December 01st, 2015


a letter to our fans: KIND and nutrition policy—sparking a healthy discussion


By KIND Editor


At KIND, we like to say that “it’s the nuts that change the world.”


We also like to say that our company was built on the relationship that we have with our fans. We’re excited to share that today marks an important moment for our company and for the KIND community.


KIND, with support from some of the world’s foremost experts in nutrition, public health and public policy, has filed a Citizen Petition respectfully urging the U.S. Food and Drug Administration (FDA) to update its regulations around the term healthy when used as a nutrient content claim in food labeling. We hope that by asking the FDA to align food labeling regulations with current nutrition science and federal dietary guidelines, we can help people better identify the types of foods recommended as part of a healthy diet.


So what does this mean?
Currently, the FDA’s standard prevents foods that are generally considered to be good for you – like almonds, avocados and salmon – from using the term healthy as a nutrient content claim because of the foods’ inherent dietary fat content.

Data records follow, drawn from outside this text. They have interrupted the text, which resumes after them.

(* Let $G=(V,E,\ell,\Phi)$ be a weak model that is strongly connected and trackable. Then $n_G(t)=O(1)$, i.e. there is a constant $C$ such that $n_G(t)\le C$ for all $t\ge 1$.
   Context: A (single-colored) weak model $G=(V,E,\ell,\Phi)$ consists of a finite set of nodes $V$, a set of directed edges $E\subseteq V\times V$, a finite set of colors $\Phi$, and a coloring $\ell:V\to\Phi$. A walk of length $t$ is a sequence $(x_1,\dots,x_t)$ of nodes with $(x_i,x_{i+1})\in E$ for all $1\le i<t$. For a color sequence $Y_{[t]}=(Y_1,\dots,Y_t)\in\Phi^t$, a hypothesis is a walk $(x_1,\dots,x_t)$ with $\ell(x_i)=Y_i$ for all $i$; $\mathcal H_G(Y_{[t]})$ denotes the set of hypotheses. Define $n_G(t)=\max_{Y_{[t]}\in\Phi^t}|\mathcal H_G(Y_{[t]})|$. The model is trackable if $n_G(t)=O(t^k)$ for some $k\ge 0$. It is strongly connected if for every ordered pair of nodes $u,w$ there is a directed path from $u$ to $w$. *)

From mathcomp Require Import all_boot.
Set Implicit Arguments. Unset Strict Implicit. Unset Printing Implicit Defensive.

Definition is_walk (V : finType) (E : rel V) (t : nat) (x : t.-tuple V) : bool :=
  [forall i : 'I_t, forall j : 'I_t, (j == i.+1 :> nat) ==> E (tnth x i) (tnth x j)].

Definition hypotheses (V Phi : finType) (E : rel V) (ell : V -> Phi)
  (t : nat) (Y : t.-tuple Phi) : {set t.-tuple V} :=
  [set x : t.-tuple V | is_walk E x && [forall i : 'I_t, ell (tnth x i) == tnth Y i]].

Definition nG (V Phi : finType) (E : rel V) (ell : V -> Phi) (t : nat) : nat :=
  \max_(Y : t.-tuple Phi) #|hypotheses E ell Y|.

Definition trackable (V Phi : finType) (E : rel V) (ell : V -> Phi) : Prop :=
  exists k C N : nat, forall t, N <= t -> nG E ell t <= C * t ^ k.

Definition strongly_connected (V : finType) (E : rel V) : Prop :=
  forall u w : V, connect E u w.

From mathcomp Require Import all_boot zify.

Set Implicit Arguments.
Unset Strict Implicit.
Unset Printing Implicit Defensive.

(* Call a pair of distinct walks with the same colour sequence and the same
   first and last nodes a diamond.  Without a diamond a hypothesis is
   determined by its endpoints, so n_G(t) <= (|V|+1)^2.  With a diamond, strong
   connectivity closes its two branches into two distinct equally coloured
   cycles through a node u; concatenating k of them in any order yields 2^k
   hypotheses for one colour sequence of length 1 + kL, which no polynomial
   bound survives. *)

Section WeakModel.
Variables (V Phi : finType) (E : rel V) (ell : V -> Phi).

Definition is_walk_seq (s : seq V) : bool :=
  if s is u :: s' then path E u s' else true.

Lemma is_walk_path t (x : t.-tuple V) : is_walk E x = is_walk_seq x.
Proof.
have size_x := size_tuple x.
rewrite /is_walk; case def_x: (val x) size_x => [|u s] /= size_x.
  by apply/forallP => i; have := ltn_ord i; rewrite -{2}size_x.
apply/forallP/(pathP u) => [walk_x i lt_i_s | path_x i].
  have lt_i_t : i < t by lia.
  have lt_Si_t : i.+1 < t by lia.
  move/forallP/(_ (Ordinal lt_Si_t))/implyP/(_ (eqxx _)): (walk_x (Ordinal lt_i_t)).
  by rewrite !(tnth_nth u) def_x.
apply/forallP => j; apply/implyP => /eqP def_j.
have := ltn_ord j; rewrite def_j => lt_Si_t.
have lt_i_s : i < size s by lia.
by rewrite !(tnth_nth u) def_x /= def_j; apply: path_x.
Qed.

Lemma mem_hypotheses t (Y : t.-tuple Phi) (x : t.-tuple V) :
  (x \in hypotheses E ell Y) = is_walk_seq x && (map ell x == Y).
Proof.
rewrite inE is_walk_path; congr andb.
apply/forallP/eqP => [ell_x | ell_x i].
  have -> : map ell x = map_tuple ell x by [].
  by congr val; apply: eq_from_tnth => i; rewrite tnth_map; apply/eqP.
have -> : Y = map_tuple ell x by apply: val_inj.
by rewrite tnth_map.
Qed.

Lemma nG_ge_card_walks (I : finType) (F : I -> seq V) (y : seq Phi) :
    injective F -> (forall i, is_walk_seq (F i)) -> (forall i, map ell (F i) = y) ->
  #|I| <= nG E ell (size y).
Proof.
move=> inj_F walk_F ell_F.
have size_F i : size (F i) = size y by rewrite -(ell_F i) size_map.
pose G i : (size y).-tuple V := tcast (size_F i) (in_tuple (F i)).
have val_G i : G i = F i :> seq V by rewrite /G val_tcast.
pose Y : (size y).-tuple Phi := in_tuple y.
apply: leq_trans (leq_bigmax Y).
have inj_G : injective G by move=> i j eq_G; apply: inj_F; rewrite -!val_G eq_G.
rewrite -cardsT -(card_imset _ inj_G) subset_leq_card //.
apply/subsetP => _ /imsetP [i _ ->].
by rewrite mem_hypotheses val_G walk_F ell_F /=.
Qed.

Definition diamond : Prop := exists u (s1 s2 : seq V),
  [/\ s1 != s2, path E u s1, path E u s2, map ell s1 = map ell s2
     & last u s1 = last u s2].

Lemma ohead_rev_cons u (s : seq V) : ohead (rev (u :: s)) = Some (last u s).
Proof. by rewrite lastI rev_rcons. Qed.

Lemma walk_eq_endpoints (x y : seq V) : ~ diamond ->
    is_walk_seq x -> is_walk_seq y -> map ell x = map ell y ->
    ohead x = ohead y -> ohead (rev x) = ohead (rev y) ->
  x = y.
Proof.
move=> no_diamond; case: x => [|u s]; case: y => [|u' s'] //=.
move=> path_s path_s' [_ ell_s] [eq_u]; subst u'.
rewrite !ohead_rev_cons => -[last_s].
apply/eqP; rewrite eqseq_cons eqxx /=; apply/negPn/negP => neq_s.
by apply: no_diamond; exists u, s, s'.
Qed.

Lemma card_hypotheses_no_diamond t (Y : t.-tuple Phi) : ~ diamond ->
  #|hypotheses E ell Y| <= #|V|.+1 ^ 2.
Proof.
move=> no_diamond; pose ends (x : t.-tuple V) := (ohead x, ohead (rev x)).
rewrite -(card_in_imset (f := ends)); last first.
  move=> x y; rewrite !mem_hypotheses => /andP [walk_x /eqP ell_x].
  move=> /andP [walk_y /eqP ell_y] [head_xy last_xy]; apply: val_inj.
  by apply: walk_eq_endpoints; rewrite // ell_x ell_y.
by apply: leq_trans (max_card _) _; rewrite card_prod card_option.
Qed.

Definition closed_walk (u : V) (c : seq V) : bool := path E u c && (last u c == u).

Lemma diamond_closed_walks : strongly_connected E -> diamond ->
  exists u (c1 c2 : seq V), [/\ c1 != c2, map ell c1 = map ell c2,
    closed_walk u c1 & closed_walk u c2].
Proof.
move=> strong [u [s1 [s2 [neq_s path_s1 path_s2 ell_s last_s]]]].
have /connectP [p path_p last_p] := strong (last u s1) u.
have size_s : size s1 = size s2 by rewrite -(size_map ell) ell_s size_map.
exists u, (s1 ++ p), (s2 ++ p); split.
- by rewrite eqseq_cat // eqxx andbT.
- by rewrite !map_cat ell_s.
- by rewrite /closed_walk cat_path last_cat path_s1 path_p -last_p /=.
- by rewrite /closed_walk cat_path last_cat path_s2 -last_s path_p -last_p /=.
Qed.

Section ClosedWalkWords.
Variables (u : V) (c1 c2 : seq V).
Hypotheses (neq_c : c1 != c2) (ell_c : map ell c1 = map ell c2).
Hypotheses (closed_c1 : closed_walk u c1) (closed_c2 : closed_walk u c2).

Lemma size_closed_walk_gt0 : 0 < size c1.
Proof.
rewrite lt0n size_eq0; apply: contraNneq neq_c => c1_nil.
by move: ell_c; rewrite c1_nil; case: c2.
Qed.

Definition closed_walk_word (bs : seq bool) : seq V :=
  flatten [seq if b then c1 else c2 | b <- bs].

Lemma closed_walk_word_cons b bs :
  closed_walk_word (b :: bs) = (if b then c1 else c2) ++ closed_walk_word bs.
Proof. by []. Qed.

Lemma size_closed_walk_word bs : size (closed_walk_word bs) = size bs * size c1.
Proof.
have size_c : size c2 = size c1 by rewrite -(size_map ell) -ell_c size_map.
elim: bs => [|b bs IH] //; rewrite closed_walk_word_cons size_cat IH mulSn.
by case: b; rewrite ?size_c.
Qed.

Lemma path_closed_walk_word bs : path E u (closed_walk_word bs).
Proof.
case/andP: closed_c1 => path_c1 /eqP last_c1.
case/andP: closed_c2 => path_c2 /eqP last_c2.
elim: bs => [|b bs IH] //; rewrite closed_walk_word_cons cat_path.
by case: b; rewrite ?path_c1 ?last_c1 ?path_c2 ?last_c2.
Qed.

Lemma map_closed_walk_word bs cs : size bs = size cs ->
  map ell (closed_walk_word bs) = map ell (closed_walk_word cs).
Proof.
elim: bs cs => [|b bs IH] [|c cs] //= [size_bs].
rewrite !closed_walk_word_cons !map_cat (IH cs size_bs).
by case: b; case: c; rewrite ?ell_c.
Qed.

Lemma closed_walk_word_inj bs cs : size bs = size cs ->
  closed_walk_word bs = closed_walk_word cs -> bs = cs.
Proof.
have size_c : size c2 = size c1 by rewrite -(size_map ell) -ell_c size_map.
elim: bs cs => [|b bs IH] [|c cs] //= [size_bs].
rewrite !closed_walk_word_cons => /eqP.
rewrite eqseq_cat; last by case: b; case: c; rewrite ?size_c.
case/andP => /eqP eq_bc /eqP/(IH cs size_bs) ->; congr cons.
by move: eq_bc neq_c; case: b; case: c => // ->; rewrite eqxx.
Qed.

Lemma nG_closed_walk_words k : 2 ^ k <= nG E ell (1 + k * size c1).
Proof.
pose F (bs : k.-tuple bool) := u :: closed_walk_word bs.
have inj_F : injective F.
  move=> bs cs [eq_bcs]; apply: val_inj.
  by apply: closed_walk_word_inj; rewrite ?size_tuple.
have := @nG_ge_card_walks _ F (map ell (u :: closed_walk_word (nseq k true))) inj_F.
rewrite card_tuple card_bool /= size_map size_closed_walk_word size_nseq.
apply=> bs; first exact: path_closed_walk_word.
by rewrite /F /= (@map_closed_walk_word bs (nseq k true)) // size_tuple size_nseq.
Qed.

End ClosedWalkWords.

End WeakModel.

(* The witness is k = 2^(2n) for n large: then 1 + kL <= 2^(2n+L), and the
   resulting exponent C + (2n+L)K stays below n^2 < k. *)
Lemma exp2_dominates_poly (C K L N : nat) :
  exists k, N <= k /\ C * (1 + k * L) ^ K < 2 ^ k.
Proof.
have exp_mono m1 m2 e : m1 <= m2 -> m1 ^ e <= m2 ^ e.
  by case: e => // e; rewrite leq_exp2r.
have [n [N_le_n n_large]] : exists n, N <= n /\ C + L * K + 2 * K < n.
  by exists (N + C + L * K + 2 * K).+1; lia.
have n_lt : n < 2 ^ n by rewrite ltn_expl.
have L_lt : L < 2 ^ L by rewrite ltn_expl.
have n_sq_lt : n * n < 2 ^ (n + n) by rewrite expnD ltn_mul.
move: (2 ^ (n + n)) n_sq_lt (expnD 2 (n + n) L) => k n_sq_lt expk.
exists k; split.
  apply: leq_trans N_le_n (leq_trans _ (ltnW n_sq_lt)).
  by apply: leq_pmulr; lia.
have k_gt0 : 0 < k by lia.
have base_le : 1 + k * L <= 2 ^ (n + n + L).
  rewrite expk; apply: (@leq_trans (k * L.+1)); first by rewrite mulnS leq_add2r.
  by rewrite leq_mul2l L_lt orbT.
have exponent_le : C + (n + n + L) * K <= k.
  have : n * (2 * K + 1) <= n * n by rewrite leq_mul2l; apply/orP; right; lia.
  lia.
have power_gt0 : 0 < (1 + k * L) ^ K by rewrite expn_gt0.
apply: (@leq_trans (2 ^ C * (1 + k * L) ^ K)); first by rewrite ltn_pmul2r // ltn_expl.
apply: leq_trans (leq_mul (leqnn _) (exp_mono _ _ K base_le)) _.
by rewrite -expnM -expnD leq_exp2l.
Qed.

Lemma trackable_no_diamond (V Phi : finType) (E : rel V) (ell : V -> Phi) :
  strongly_connected E -> trackable E ell -> ~ diamond E ell.
Proof.
move=> strong [K [C [N poly_bound]]] /(diamond_closed_walks strong).
move=> [u [c1 [c2 [neq_c ell_c closed_c1 closed_c2]]]].
have [k [N_le_k exp_gt]] := exp2_dominates_poly C K (size c1) N.
have N_le_t : N <= 1 + k * size c1.
  apply: leq_trans N_le_k (leq_trans (leq_pmulr k _) (leq_addl _ _)).
  exact: size_closed_walk_gt0 neq_c ell_c.
have := leq_trans (nG_closed_walk_words neq_c ell_c closed_c1 closed_c2 k)
                  (poly_bound _ N_le_t).
by rewrite leqNgt exp_gt.
Qed.

Theorem theorem1 (V Phi : finType) (E : rel V) (ell : V -> Phi) :
  strongly_connected E -> trackable E ell ->
  exists C : nat, forall t, 1 <= t -> nG E ell t <= C.
Proof.
move=> strong tracking; have no_diamond := trackable_no_diamond strong tracking.
exists (#|V|.+1 ^ 2) => t _.
by apply/bigmax_leqP => Y _; apply: card_hypotheses_no_diamond.
Qed.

However, there is strong evidence pointing to the nutritional benefits of consuming foods high in unsaturated fat, including nuts. Current nutrition guidance also emphasizes the importance of eating certain types of foods rather than focusing solely on nutrients like dietary fat.


These regulations, which were introduced more than 20 years ago with the best intentions, has led to undesirable outcomes. Under current regulations, foods such as some fat-free puddings and sugary cereals have the ability to be labeled as healthy. The chart below provides a few examples of what foods do and do not meet qualifications for healthy labeling under this regulation.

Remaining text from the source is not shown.